Tamara Hareven was widely recognized for her contribution to the study of the family in the context of economic activity, but she was also a pioneer in developing an understanding of carework, the unpaid work that families, usually women, do for the young, and the dependent elderly. This article reviews her insights from interviews in Manchester and in Kyoto, where she examined family strategies for combining paid work and carework among working class families. She described how women integrated child care and economic activity in the decades when women were expected to be at home and out of the labour force. The Manchester interviews also revealed the role of the adult child providing care for the elderly parent and how this role changed rapidly between early and later cohorts of adult children born in the early 20th century. From this she developed her insights on the importance of the historical context for understanding how transitions to parent care differed for different cohorts. In the early 21st century, carework has become integral to the study of the family and of women's roles in the family. Tamara Hareven's work provides early insights as to how these issues were managed in the context of more traditional family roles in the early 20th century.

Acknowledgement

This article is a revised version of a paper presented at the conference on “The History of the Family: Past, Present and Future: In Memoriam Tamara Hareven,” at the University of Luxembourg, Luxembourg, October 17–19, 2003.The author would like to thank Rebecca Johnson Melvin for her assistance with the Tamara K. Hareven papers, which are available in Special Collections at the University of Delaware Library.

Notes

1 Even today when general surveys do ask for hours devoted to childcare, few ask about eldercare.
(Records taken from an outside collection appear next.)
Lemma mustar'_in_free_block (j : 'I_n) : j \in S ->
  mustar' l m m' j = if (j < n - 1 - a)%N then half else - half.
Proof.
move=> jS; have := jS; rewrite inE => /andP[/eqP l_j free_j].
rewrite mustar'E free_j.
have -> : free_block l m m' j = S by apply/setP => k; rewrite !inE l_j.
rewrite card_free_block_i1_half.
move: jS; rewrite mem_free_block_i1 => /andP[ge_j lt_j].
have -> : #|[set k in S | (k < j)%N]| = (j - (n - 1 - #|S|))%N.
  rewrite -(@card_ord_range n) 1?ltnW //; apply: eq_card => k.
  by rewrite inE mem_free_block_i1 inE; lia.
suff -> : (j - (n - 1 - #|S|) < #|S| - a)%N = (j < n - 1 - a)%N by [].
by have := a_num_le; have := card_free_block_i1; lia.
Qed.

Lemma mustar'_before_diamond (i : 'I_n) : (i < n - 1 - a)%N -> l i = l i1 ->
  mustar' l m m' i = half.
Proof.
move=> lt_i l_i; case: (boolP (m i * m' i < 0)) => [free_i | nonfree_i].
  by rewrite mustar'_in_free_block ?lt_i // inE l_i eqxx.
have le_i : (i <= i1)%N by apply: leq_i1; lia.
have [_ m'_i] := nonfree_before_free PSm PSm' dom_lm dom_lmm' le_i l_i nonfree_i free_i1.
by rewrite mustar'E (negbTE nonfree_i).
Qed.

Lemma diamond_cases (j : 'I_n) : (val j == (n - 1)%N) || (val j == (n - a - 1)%N) ->
  j = i2 \/ j \in S /\ j = (n - 1 - a)%N :> nat.
Proof.
have last_i2 (k : 'I_n) : k = (n - 1)%N :> nat -> k = i2.
  by move=> v_k; apply: val_inj; rewrite /= v_k val_i2.
case/orP => /eqP /= v_j; first by left; apply: last_i2.
have [a0 | a_gt0] := posnP a; first by left; apply: last_i2; rewrite v_j a0 subn0.
right; split; last by lia.
by rewrite mem_free_block_i1 v_j; have := a_num_le; have := card_free_block_i1; lia.
Qed.

Lemma mudiam'_level_mono (i j : 'I_n) : (i <= j)%N -> l i = l j ->
  mudiam' l m m' j <= mudiam' l m m' i.
Proof.
move=> le_ij l_ij; have h := half_gt0.
rewrite !mudiam'E; case: ifPn => [diam_j | _]; case: ifPn => [_ | not_diam_i].
- exact: lexx.
- move: not_diam_i => /= not_diam_i.
  case: (diamond_cases diam_j) => [e_j | [jS v_j]].
    have [_ _ l_mono _] := dom_l.
    have lt_i : (i < n - 1)%N by have := ltn_ord i; lia.
    by move: (l_mono _ _ (leq_i1 lt_i)); rewrite l_ij e_j leNgt l_i2_lt_i1.
  have lt_i : (i < n - 1 - a)%N by lia.
  rewrite mustar'_before_diamond //.
  by move: jS; rewrite inE -l_ij => /andP[/eqP].
- by case: (inPS_mustar' l m PSm' j) => ->; lra.
- exact: mustar'_level_mono.
Qed.

Lemma mudiam'_add_mudiam : mudiam' l m m' + mudiam l m m' = m + m'.
Proof.
apply/ffunP => j; rewrite !weightD mudiam'E mudiamE.
case: ifPn => [diam_j | _]; last exact: mustar'_add_mustar.
have free_j : m j * m' j < 0.
  by case: (diamond_cases diam_j) => [-> // | [+ _]]; rewrite inE => /andP[].
by rewrite subrr (pm_half_free (PSm j) (PSm' j) free_j) addNr.
Qed.

Lemma dominant_add_mudiam' : dominant (l + mudiam' l m m').
Proof.
apply: dominant_add_PS => //; first exact: inPS_mudiam'.
  exact: mudiam'_level_mono.
have [_ _ _ l_last] := dom_l; have h := half_gt0.
have diam_last : cw (mudiam' l m m') (n - 1) = half.
  by rewrite -val_i2 cw_ord mudiam'E /= val_i2 eqxx.
have diam_ge : - half <= cw (mudiam' l m m') (n - 2).
  by rewrite -val_i1 cw_ord; case: (inPS_mudiam' l m PSm' i1) => ->; lra.
rewrite !cwD; lra.
Qed.

End TypeOne.

Theorem proposition6p5 (n : nat) (l m m' : weight n) :
  (2 <= n)%N ->
  admissible l m m' ->
  type1 l m m' ->
  dominant (l + mudiam' l m m') /\
  admissible l (mudiam' l m m') (mudiam l m m').
Proof.
(* [2 <= n] also follows from [type1], whose two free intervals are distinct. *)
move=> _ [[k l_Delta] PSm PSm' dom_lm dom_lmm'] l_type1.
have dom_l := inDelta_dominant l_Delta.
have [i1 [i2 [val_i1 val_i2 free_i1 free_i2 l_i2_lt_i1]]] := type1_free_ends dom_l l_type1.
have dom_diam := dominant_add_mudiam' dom_l PSm PSm' dom_lm dom_lmm'
  val_i1 val_i2 free_i1 free_i2 l_i2_lt_i1.
have sum_diam := mudiam'_add_mudiam dom_l PSm PSm' dom_lm dom_lmm'
  val_i1 val_i2 free_i1 free_i2 l_i2_lt_i1.
split=> //; split=> //; first by exists k.
- exact: inPS_mudiam'.
- exact: inPS_mudiam.
by rewrite -addrA sum_diam addrA.
Qed.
2 African–American married women in the South in 1900 overwhelmingly reported a usual occupation in agriculture, and did not claim to be “housewives.”

3 This was not the case for the wives of pottery workers where the husband’s role was that of craftsperson and hers was that of helper (CitationHareven, 2002a, p.93).

4 Earlier perspectives on the life course examined different cohorts of young men in the transition to work (cf. CitationElder, 1974).

5 Women in the United States who are covered for six weeks of paid disability leave are able to use that leave for pregnancy and childbirth through the Pregnancy Discrimination Act, 1979.

6 Fathers, both residential and nonresidential, are still rarely involved in heavy childcare, and sons are rarely involved in heavy parent care. There are, of course, exceptions, which Hareven discussed (cf. Citation1997; Citation1991).